BEGIN Supplied data

(* Let $\tau_n:=\max\{k\ge1:U_{n-k}=k\}$ (the number of red balls in the urn right after the last black ball has been removed). Then $\tau_n$ has the same distribution as $\tau_n':=\max\{k\ge1:U_k=k\}$, and for $k\ge1$ \[ \mathbf P(\tau_n\ge k)=\frac{(n-k)(n-k-1)\cdots(n-2k+1)}{(n-1)(n-2)\cdots(n-k)}. \] Consequently, for every $t\ge0$, $\mathbf P(\tau_n/\sqrt n\ge t)\to e^{-t^2}$ as $n\to\infty$.
   Context: Urn process: let $n\ge2$. An urn initially contains $n$ black balls. It is emptied in $n$ steps: in each of the first $n-1$ steps a uniformly random pair of balls is removed from the urn and replaced by one red ball; in step $n$ the last remaining ball is removed. $U_k$ is the number of red balls in the urn after $k$ steps, $0\le k\le n$. *)

From Stdlib Require Import Reals Lra Lia ZArith Arith List.
Import ListNotations.
Open Scope R_scope.

Definition choose2 (x : nat) : R := INR (x * (x - 1)) / 2.

(* One pairing step of the urn, from an urn with m balls of which r are red
   (hence b = m - r black).  A uniformly random pair is removed and replaced by
   one red ball.  Result: list of (new number of red balls, probability).
     two black  : r -> r+1, prob C(b,2)/C(m,2)
     black+red  : r -> r,   prob b*r /C(m,2)
     two red    : r -> r-1, prob C(r,2)/C(m,2)                                *)
Definition trans (m r : nat) : list (nat * R) :=
  let b := (m - r)%nat in
  [ (S r, choose2 b / choose2 m);
    (r, INR (b * r) / choose2 m);
    (Nat.pred r, choose2 r / choose2 m) ].

(* Expectation of f over the random continuation of the red-ball count,
   running j more pairing steps from an urn with m balls, r of them red.
   f receives the list of successive red-ball counts after each step. *)
Fixpoint pathE (j m r : nat) (f : list nat -> R) {struct j} : R :=
  match j with
  | O => f nil
  | S j' =>
      fold_right Rplus 0
        (map (fun q : nat * R =>
                snd q * pathE j' (m - 1) (fst q) (fun s => f (fst q :: s)))
             (trans m r))
  end.

(* Expectation of a functional of the whole trajectory
   U = [U_0; U_1; ...; U_n] of the urn process started with n black balls:
   U_0 = 0, steps 1..n-1 are pairing steps, and at step n the last ball is
   removed so U_n = 0. *)
Definition urnE (n : nat) (f : list nat -> R) : R :=
  pathE (n - 1) n 0 (fun s => f (0%nat :: s ++ [0%nat])).

Definition urnP (n : nat) (A : list nat -> bool) : R :=
  urnE n (fun U => if A U then 1 else 0).

Definition U_at (U : list nat) (k : nat) : nat := nth k U 0%nat.

(* tau_n = max{k >= 1 : U_{n-k} = k}  (k ranges over 1..n; 0 if no such k,
   which never happens for n >= 2 since U_{n-1} = 1). *)
Definition tau (n : nat) (U : list nat) : nat :=
  fold_left (fun acc k => if Nat.eqb (U_at U (n - k)) k then k else acc)
            (seq 1 n) 0%nat.

Definition tau' (n : nat) (U : list nat) : nat :=
  fold_left (fun acc k => if Nat.eqb (U_at U k) k then k else acc)
            (seq 1 n) 0%nat.

(* prod_{i=0}^{k-1} (n-k-i)/(n-1-i)
   = (n-k)(n-k-1)...(n-2k+1) / ((n-1)(n-2)...(n-k)), with integer factors. *)
Definition tau_tail (n k : nat) : R :=
  fold_right Rmult 1
    (map (fun i => IZR (Z.of_nat n - Z.of_nat k - Z.of_nat i)%Z
                   / IZR (Z.of_nat n - 1 - Z.of_nat i)%Z)
         (seq 0 k)).

From Stdlib Require Import Reals Lra Lia ZArith Arith List.
From Coquelicot Require Import Coquelicot.
Import ListNotations.
Open Scope R_scope.
(* Let $(\mathcal{A},e)$ be an order-unit space, $L$ a Lipschitz seminorm on $\mathcal{A}$ with metric $\rho_L$ on $S(\mathcal{A})$, and $r\ge 0$. The following are equivalent: (1) $\rho_L(\mu,\nu)\le 2r$ for all $\mu,\nu\in S(\mathcal{A})$; (2) $\|\tilde a\|^{\sim}\le r\tilde L(\tilde a)$ for all $a\in\mathcal{A}$.
   Context: An order-unit space is a real partially ordered vector space $\mathcal{A}$ with distinguished $e$ such that (i) for each $a$ there is $r$ with $a\le re$, and (ii) if $a\le re$ for all $r>0$ then $a\le0$; norm $\|a\|=\inf\{r\ge0:-re\le a\le re\}$ (not necessarily complete). States: continuous linear functionals $\mu$ with $\mu(e)=1=\|\mu\|$; $S(\mathcal{A})$ the set of states. A Lipschitz seminorm is a finite-valued seminorm $L$ with $L(a)=0$ iff $a\in\mathbb{R}e$; $\rho_L(\mu,\nu)=\sup\{|\mu(a)-\nu(a)|:L(a)\le1\}\in[0,\infty]$. For $a\in\mathcal{A}$, $\tilde a$ is its image in $\mathcal{A}/\mathbb{R}e$, $\|\tilde a\|^{\sim}=\inf_{t\in\mathbb{R}}\|a+te\|$ is the quotient norm, and $\tilde L(\tilde a)=\inf_t L(a+te)$ $(=L(a))$ is the quotient seminorm. *)

From HB Require Import structures.
From mathcomp Require Import all_boot all_order all_algebra.
From mathcomp Require Import boolp classical_sets reals ereal.
Set Implicit Arguments. Unset Strict Implicit. Unset Printing Implicit Defensive.
Import Order.TTheory GRing.Theory Num.Theory.
Local Open Scope classical_set_scope.
Local Open Scope ring_scope.
(* For the operator $A\colon c_c\to c_c$, $(Ax)_1=x_1$, $(Ax)_n=x_n-x_{n-1}$ ($n>1$), the point $x=0$ minimizes $f\circ A$ over $c_c$, and $\min_{x\in c_c} f(Ax)=f(0)=\pi^2/12$. Moreover, the directional derivative of $f\circ A$ at $0$ vanishes in every direction $y\in c_c$.
   Context: Let $c_c$ be the space of finitely supported real sequences with the $\ell^2$-norm. Let $f\colon c_c\to\mathbb{R}$, $f(x)=\sum_{n=1}^\infty \frac{n^2}{2}(x_n-n^{-2})^2$. *)

From Stdlib Require Import Reals.
From Coquelicot Require Import Coquelicot.
Open Scope R_scope.

(* Real sequences x_1, x_2, ... are encoded as  x : nat -> R  with
   x k standing for x_{k+1} (index shift by one). *)

Definition cc (x : nat -> R) : Prop :=
  exists N : nat, forall k : nat, (N <= k)%nat -> x k = 0.

Definition f_term (x : nat -> R) (k : nat) : R :=
  (INR (k + 1)) ^ 2 / 2 * (x k - / (INR (k + 1)) ^ 2) ^ 2.

Definition fobj (x : nat -> R) : R := Series (f_term x).

Definition opA (x : nat -> R) : nat -> R :=
  fun k => match k with
           | O => x O
           | S j => x (S j) - x j
           end.

Definition zero_seq : nat -> R := fun _ => 0.

(* Expanding the square, for finitely supported z
     f(z) = sum_n 1/(2 n^2) + sum_n (n^2/2 z_n^2 - z_n).
   When z = Ax the linear part telescopes to the last coordinate of x, which is 0, so
     f(Ax) = pi^2/12 + sum_n n^2/2 (Ax)_n^2,
   a constant plus a nonnegative quadratic form Q(Ax): it is minimal at 0, and
   (f(A(ty)) - f(A 0)) / t = t Q(Ay) tends to 0.
   The constant sum_n 1/n^2 = pi^2/6 is obtained from Matsuoka's integrals
   I_n = int_0^(pi/2) cos^(2n) and J_n = int_0^(pi/2) x^2 cos^(2n): integrating by parts,
   1/(n+1)^2 = 2 (J_n/I_n - J_(n+1)/I_(n+1)), while J_n/I_n = O(1/n). *)

From Stdlib Require Import Reals Lra Lia Nsatz.
From Coquelicot Require Import Coquelicot.
Open Scope R_scope.

(** * The Basel series *)

Lemma is_RInt_of_derive (F f : R -> R) (a b : R) :
  (forall x, is_derive F x (f x)) -> (forall x, ex_derive f x) ->
  is_RInt f a b (F b - F a).
Proof.
intros dF df. apply (is_RInt_derive F f a b).
- intros x _; apply dF.
- intros x _; apply (@ex_derive_continuous R_AbsRing R_NormedModule), df.
Qed.

Lemma is_RInt_lincomb (f g : R -> R) (a b p q A B : R) :
  is_RInt f a b A -> is_RInt g a b B ->
  is_RInt (fun x => p * f x + q * g x) a b (p * A + q * B).
Proof.
intros Hf Hg.
exact (is_RInt_plus _ _ _ _ _ _ (is_RInt_scal _ _ _ p _ Hf) (is_RInt_scal _ _ _ q _ Hg)).
Qed.

Lemma is_RInt_ext_unique (f g : R -> R) (a b A B : R) :
  is_RInt f a b A -> is_RInt g a b B -> (forall x, f x = g x) -> A = B.
Proof.
intros Hf Hg Efg. apply (is_RInt_ext _ _ _ _ _ (fun x _ => Efg x)) in Hf.
now rewrite <- (is_RInt_unique _ _ _ _ Hf), (is_RInt_unique _ _ _ _ Hg).
Qed.

Definition wallis_integral (n : nat) : R := RInt (fun x => cos x ^ (2 * n)) 0 (PI / 2).
Definition matsuoka_integral (n : nat) : R := RInt (fun x => x ^ 2 * cos x ^ (2 * n)) 0 (PI / 2).
(* Let $\lambda=\frac{\sqrt5+1}{2}$, $D\mathcal{G}_{\mathbf 0}=\mathrm{diag}(-1,\lambda^{-1},\lambda)$, $M>0$, $C_0>0$, $\Delta_0=\tfrac14$ and $C=1+C_0+\Delta_0$. There exists $\xi_0=\xi_0(C_0,\Delta_0)>0$ such that for all $\xi\in(0,\xi_0)$ and $\Delta\in(0,\Delta_0)$ the following holds. Let $G=(G_x,G_y,G_z):\mathbb{R}^3\to\mathbb{R}^3$ be a $C^2$ diffeomorphism with $\|\nabla\partial_\beta G_\alpha\|<M$ for all $\alpha,\beta\in\{x,y,z\}$ and $G$ $\xi$-close to $D\mathcal{G}_{\mathbf 0}$ in the $C^1$ topology. Let $\gamma=(\gamma_x,\gamma_y,\gamma_z)$ be a $C^2$ curve such that for all $t$: $\|\gamma'(t)\|<C$, $\gamma_x(t)=t$, $\frac{\lambda-\xi-1}{4}|\gamma_z''(t)|>3MC^2$, $\frac{\lambda-\xi-1}{4}|\gamma_z''(t)|>\xi|\gamma_y''(t)|$, $|\gamma_y'(t)|<C_0$ and $|\gamma_z'(t)|<\Delta$. Assume that for some $m\in\mathbb{N}$ and all $n\in\{1,\dots,m\}$: - $G^n\circ\gamma$ can be reparameterized as $\gamma^{(n)}(s)=(s,\gamma^{(n)}_y(s),\gamma^{(n)}_z(s))$ (i.e. $\frac{d}{dt}G^n_x\circ\gamma\neq0$), where $\gamma^{(0)}=\gamma$; - $|\frac{d}{ds}\gamma^{(n)}_y(s)|<C_0$ and $|\frac{d}{ds}\gamma^{(n)}_z(s)|<\Delta$ for all $s$. Then $\big|\frac{d^2}{ds^2}\gamma^{(n)}_z(\tilde s)\big|>\big|\frac{d^2}{dt^2}\gamma^{(n-1)}_z(\tilde t)\big|$ for all $n\in\{1,\dots,m-1\}$ and all $\tilde t,\tilde s$ with $\gamma^{(n)}(\tilde s)=G\circ\gamma^{(n-1)}(\tilde t)$.
   Context: Each $\gamma^{(n)}$ is the curve with the same image as $G\circ\gamma^{(n-1)}$, parameterized so that its $x$-coordinate equals the parameter; $t$ denotes the parameter of $\gamma^{(n-1)}$ and $s$ that of $\gamma^{(n)}$. *)

From Stdlib Require Import Reals.
From Coquelicot Require Import Coquelicot.
Open Scope R_scope.

Definition pt : Type := (R * R * R)%type.

Inductive ax := AX | AY | AZ.

Definition coord (a : ax) (p : pt) : R :=
  match a with
  | AX => fst (fst p)
  | AY => snd (fst p)
  | AZ => snd p
  end.

Definition shift (p : pt) (a : ax) (h : R) : pt :=
  match a with
  | AX => (fst (fst p) + h, snd (fst p), snd p)
  | AY => (fst (fst p), snd (fst p) + h, snd p)
  | AZ => (fst (fst p), snd (fst p), snd p + h)
  end.

Definition pderiv (a : ax) (f : pt -> R) (p : pt) : R :=
  Derive (fun h => f (shift p a h)) 0.
Definition has_pderiv (a : ax) (f : pt -> R) (p : pt) : Prop :=
  ex_derive (fun h => f (shift p a h)) 0.

Definition C2fun (f : pt -> R) : Prop :=
  (forall a p, has_pderiv a f p) /\
  (forall a b p, has_pderiv b (pderiv a f) p) /\
  (forall a b p, continuous (pderiv b (pderiv a f)) p).

Definition C2map (G : pt -> pt) : Prop :=
  forall a, C2fun (fun p => coord a (G p)).

Definition C2diffeo (G : pt -> pt) : Prop :=
  C2map G /\
  exists H : pt -> pt, C2map H /\ (forall p, H (G p) = p) /\ (forall p, G (H p) = p).

Definition lam : R := (sqrt 5 + 1) / 2.

Definition DG0 (p : pt) : pt := (- coord AX p, coord AY p / lam, lam * coord AZ p).
Definition DG0_entry (a b : ax) : R :=
  match a, b with
  | AX, AX => -1
  | AY, AY => / lam
  | AZ, AZ => lam
  | _, _ => 0
  end.

Definition C1_close (xi : R) (G : pt -> pt) : Prop :=
  forall p,
    (forall a, Rabs (coord a (G p) - coord a (DG0 p)) < xi) /\
    (forall a b, Rabs (pderiv b (fun q => coord a (G q)) p - DG0_entry a b) < xi).

Definition norm3 (u v w : R) : R := sqrt (u ^ 2 + v ^ 2 + w ^ 2).

Definition hess_bound (M : R) (G : pt -> pt) : Prop :=
  forall a b p,
    let g := pderiv b (fun q => coord a (G q)) in
    norm3 (pderiv AX g p) (pderiv AY g p) (pderiv AZ g p) < M.

Definition C2_at (f : R -> R) (t : R) : Prop :=
  ex_derive f t /\ ex_derive (Derive f) t /\ continuous (Derive (Derive f)) t.

Definition D2 (f : R -> R) (t : R) : R := Derive (Derive f) t.

Definition curve (fy fz : R -> R) (s : R) : pt := (s, fy s, fz s).

Definition Delta0 : R := / 4.

From Stdlib Require Import Reals Lra Psatz.
From Coquelicot Require Import Coquelicot.
Open Scope R_scope.

(* Let X, Y, Z be the components of G along gamma^(n-1), as functions of its parameter t.
   Since gamma^(n) is the graph reparametrization of G o gamma^(n-1), its z-component
   satisfies gamma_z^(n)(X t) = Z t, hence gamma_z^(n)'' X'^2 + gamma_z^(n)' X'' = Z''.
   As DG is xi-close to diag(-1, 1/lam, lam), X' is close to -1, while Z'' is lam times
   gamma_z'' up to errors bounded by M C^2 (second derivatives of G) and xi |gamma_y''|;
   the two dominance hypotheses on (lam - xi - 1)/4 |gamma_z''| make these errors small,
   so |gamma_z^(n)''| > |gamma_z''|.  The same estimate for the y-component shows that
   the two dominance inequalities hold again for gamma^(n), so the step can be iterated
   along the orbit. *)

Lemma locally_R (u : R) (P : R -> Prop) :
  (exists d, 0 < d /\ forall v, Rabs (v - u) < d -> P v) -> locally u P.
Proof. intros [d [Hd HP]]. exists (mkposreal d Hd). intros v Hv. apply HP, Hv. Qed.

Lemma shift_shift p a h1 h2 : shift (shift p a h1) a h2 = shift p a (h1 + h2).
Proof. destruct p as [[x y] z], a; simpl; now rewrite Rplus_assoc. Qed.

Lemma shift_0 p a : shift p a 0 = p.
Proof. destruct p as [[x y] z], a; simpl; now rewrite Rplus_0_r. Qed.

Definition has_pderivs (f : pt -> R) : Prop := forall a p, has_pderiv a f p.

Lemma is_derive_pderiv f p a h : has_pderivs f ->
  is_derive (fun s => f (shift p a s)) h (pderiv a f (shift p a h)).
Proof.
  intros Hf.
  assert (Hq : is_derive (fun s => f (shift (shift p a h) a s)) (h - h) (pderiv a f (shift p a h))).
  { rewrite Rminus_diag. apply Derive_correct, Hf. }
  assert (Hsub : is_derive (fun s : R => s - h) h 1) by (auto_derive; auto; ring).
  pose proof (is_derive_comp _ (fun s => s - h) h _ _ Hq Hsub) as Hcomp.
  rewrite <- (Rmult_1_l (pderiv a f (shift p a h))).
  refine (is_derive_ext _ _ _ _ _ Hcomp).
  intros s; simpl. rewrite shift_shift. do 2 f_equal. ring.
Qed.

Lemma pderiv_MVT f p a h : has_pderivs f ->
  exists c, Rabs c <= Rabs h /\ f (shift p a h) - f p = pderiv a f (shift p a c) * h.
Proof.
  intros Hf.
  destruct (MVT_gen (fun s => f (shift p a s)) 0 h (fun c => pderiv a f (shift p a c)))
    as [c [Hc Hmvt]].
  - intros s _. apply is_derive_pderiv, Hf.
  - intros s _. apply continuity_pt_filterlim.
    apply (ex_derive_continuous (fun s => f (shift p a s))). eexists. apply is_derive_pderiv, Hf.
  - exists c. rewrite shift_0, Rminus_0_r in Hmvt. split; [|exact Hmvt].
    revert Hc. unfold Rmin, Rmax. destruct (Rle_dec 0 h); intros;
      unfold Rabs; destruct (Rcase_abs c), (Rcase_abs h); lra.
Qed.

Definition continuous_at3 (g : pt -> R) (px py pz : R) : Prop :=
  forall eps, 0 < eps -> exists d, 0 < d /\ forall x y z,
    Rabs (x - px) < d -> Rabs (y - py) < d -> Rabs (z - pz) < d ->
    Rabs (g (x, y, z) - g (px, py, pz)) < eps.

Lemma continuous_at3_of_continuous g px py pz :
  continuous g (px, py, pz) -> continuous_at3 g px py pz.
Proof.
  intros Hg eps Heps.
  destruct (proj1 (filterlim_locally _ _) Hg (mkposreal eps Heps)) as [d Hd].
  exists d. split; [apply cond_pos|]. intros x y z Hx Hy Hz.
  exact (Hd (x, y, z) (conj (conj Hx Hy) Hz)).
Qed.

Lemma continuous_at3_uniform (g : ax -> pt -> R) px py pz :
  (forall a, continuous_at3 (g a) px py pz) ->
  forall eps, 0 < eps -> exists d, 0 < d /\ forall a x y z,
    Rabs (x - px) < d -> Rabs (y - py) < d -> Rabs (z - pz) < d ->
    Rabs (g a (x, y, z) - g a (px, py, pz)) < eps.
Proof.
  intros Hg eps Heps.
  destruct (Hg AX eps Heps) as [d1 [Hd1 H1]].
  destruct (Hg AY eps Heps) as [d2 [Hd2 H2]].
  destruct (Hg AZ eps Heps) as [d3 [Hd3 H3]].
  exists (Rmin d1 (Rmin d2 d3)). split; [repeat apply Rmin_pos; lra|].
  pose proof (Rmin_l d1 (Rmin d2 d3)). pose proof (Rmin_r d1 (Rmin d2 d3)).
  pose proof (Rmin_l d2 d3). pose proof (Rmin_r d2 d3).
  intros [] x y z Hx Hy Hz; [apply H1|apply H2|apply H3]; lra.
Qed.

Lemma Rabs_lincomb3_le e a1 a2 a3 d1 d2 d3 :
  Rabs a1 <= e -> Rabs a2 <= e -> Rabs a3 <= e ->
  Rabs (a1 * d1 + a2 * d2 + a3 * d3) <= e * (Rabs d1 + Rabs d2 + Rabs d3).
Proof.
  intros.
  pose proof (Rabs_triang (a1 * d1 + a2 * d2) (a3 * d3)).
  pose proof (Rabs_triang (a1 * d1) (a2 * d2)).
  rewrite !Rabs_mult in *.
  pose proof (Rabs_pos d1); pose proof (Rabs_pos d2); pose proof (Rabs_pos d3).
  nra.
Qed.

(* Continuous partial derivatives make f Frechet differentiable: the increment is
   split along the coordinate segments and each piece is evaluated by the MVT. *)
Lemma pderiv_linear_approx f px py pz :
  has_pderivs f -> (forall a, continuous_at3 (pderiv a f) px py pz) ->
  forall eps, 0 < eps -> exists d, 0 < d /\ forall x y z,
    Rabs (x - px) < d -> Rabs (y - py) < d -> Rabs (z - pz) < d ->
    Rabs (f (x, y, z) - f (px, py, pz)
          - (pderiv AX f (px, py, pz) * (x - px) + pderiv AY f (px, py, pz) * (y - py)
             + pderiv AZ f (px, py, pz) * (z - pz)))
    <= eps * (Rabs (x - px) + Rabs (y - py) + Rabs (z - pz)).
Proof.
  intros Hf Hc eps Heps.
  destruct (continuous_at3_uniform _ _ _ _ Hc eps Heps) as [d [Hd Hpd]].
  exists d. split; [exact Hd|]. intros x y z Hx Hy Hz.
  destruct (pderiv_MVT f (px, y, z) AX (x - px) Hf) as [c1 [Hc1 E1]].
  destruct (pderiv_MVT f (px, py, z) AY (y - py) Hf) as [c2 [Hc2 E2]].
  destruct (pderiv_MVT f (px, py, pz) AZ (z - pz) Hf) as [c3 [Hc3 E3]].
  simpl in E1, E2, E3.
  replace (px + (x - px)) with x in E1 by ring.
  replace (py + (y - py)) with y in E2 by ring.
  replace (pz + (z - pz)) with z in E3 by ring.
  assert (Hd0 : Rabs (px - px) < d) by (rewrite Rminus_diag, Rabs_R0; exact Hd).
  assert (Hd0' : Rabs (py - py) < d) by (rewrite Rminus_diag, Rabs_R0; exact Hd).
  assert (K1 := Hpd AX (px + c1) y z ltac:(replace (px + c1 - px) with c1 by ring; lra) Hy Hz).
  assert (K2 := Hpd AY px (py + c2) z Hd0 ltac:(replace (py + c2 - py) with c2 by ring; lra) Hz).
  assert (K3 := Hpd AZ px py (pz + c3) Hd0 Hd0' ltac:(replace (pz + c3 - pz) with c3 by ring; lra)).
  eapply Rle_trans;
    [|exact (Rabs_lincomb3_le _ _ _ _ _ _ _ (Rlt_le _ _ K1) (Rlt_le _ _ K2) (Rlt_le _ _ K3))].
  right. f_equal. lra.
Qed.

Lemma continuous_at3_of_pderivs f px py pz :
  has_pderivs f -> (forall a, continuous_at3 (pderiv a f) px py pz) ->
  continuous_at3 f px py pz.
Proof.
  intros Hf Hc eps Heps.
  destruct (pderiv_linear_approx f px py pz Hf Hc 1 Rlt_0_1) as [d [Hd Happrox]].
  set (fx := pderiv AX f (px, py, pz)) in *.
  set (fy := pderiv AY f (px, py, pz)) in *.
  set (fz := pderiv AZ f (px, py, pz)) in *.
  pose proof (Rabs_pos fx); pose proof (Rabs_pos fy); pose proof (Rabs_pos fz).
  set (K := Rabs fx + Rabs fy + Rabs fz).
  exists (Rmin d (eps / (3 * (K + 1)))). split.
  { apply Rmin_pos; [lra|]. apply Rdiv_lt_0_compat; unfold K; lra. }
  intros x y z Hx Hy Hz.
  pose proof (Rmin_l d (eps / (3 * (K + 1)))). pose proof (Rmin_r d (eps / (3 * (K + 1)))).
  specialize (Happrox x y z ltac:(lra) ltac:(lra) ltac:(lra)).
  assert (Hlin := Rabs_lincomb3_le K fx fy fz (x - px) (y - py) (z - pz)
    ltac:(unfold K; lra) ltac:(unfold K; lra) ltac:(unfold K; lra)).
  set (S := Rabs (x - px) + Rabs (y - py) + Rabs (z - pz)) in *.
  assert (HS : (K + 1) * S < eps).
  { replace eps with (3 * (K + 1) * (eps / (3 * (K + 1)))) by (field; unfold K; lra).
    unfold S, K in *. nra. }
  pose proof (Rabs_triang_inv (f (x, y, z) - f (px, py, pz))
    (fx * (x - px) + fy * (y - py) + fz * (z - pz))).
  lra.
Qed.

END Supplied data

=== What you should do ===
Among the records above, extract exactly the lines from the line with "(fst p), snd p)" to the line with "(forall a b p, continuous", both lines included, and leave out the rest.

=== Response area ===
  | AX => (fst (fst p) + h, snd (fst p), snd p)
  | AY => (fst (fst p), snd (fst p) + h, snd p)
  | AZ => (fst (fst p), snd (fst p), snd p + h)
  end.

Definition pderiv (a : ax) (f : pt -> R) (p : pt) : R :=
  Derive (fun h => f (shift p a h)) 0.
Definition has_pderiv (a : ax) (f : pt -> R) (p : pt) : Prop :=
  ex_derive (fun h => f (shift p a h)) 0.

Definition C2fun (f : pt -> R) : Prop :=
  (forall a p, has_pderiv a f p) /\
  (forall a b p, has_pderiv b (pderiv a f) p) /\
  (forall a b p, continuous (pderiv b (pderiv a f)) p).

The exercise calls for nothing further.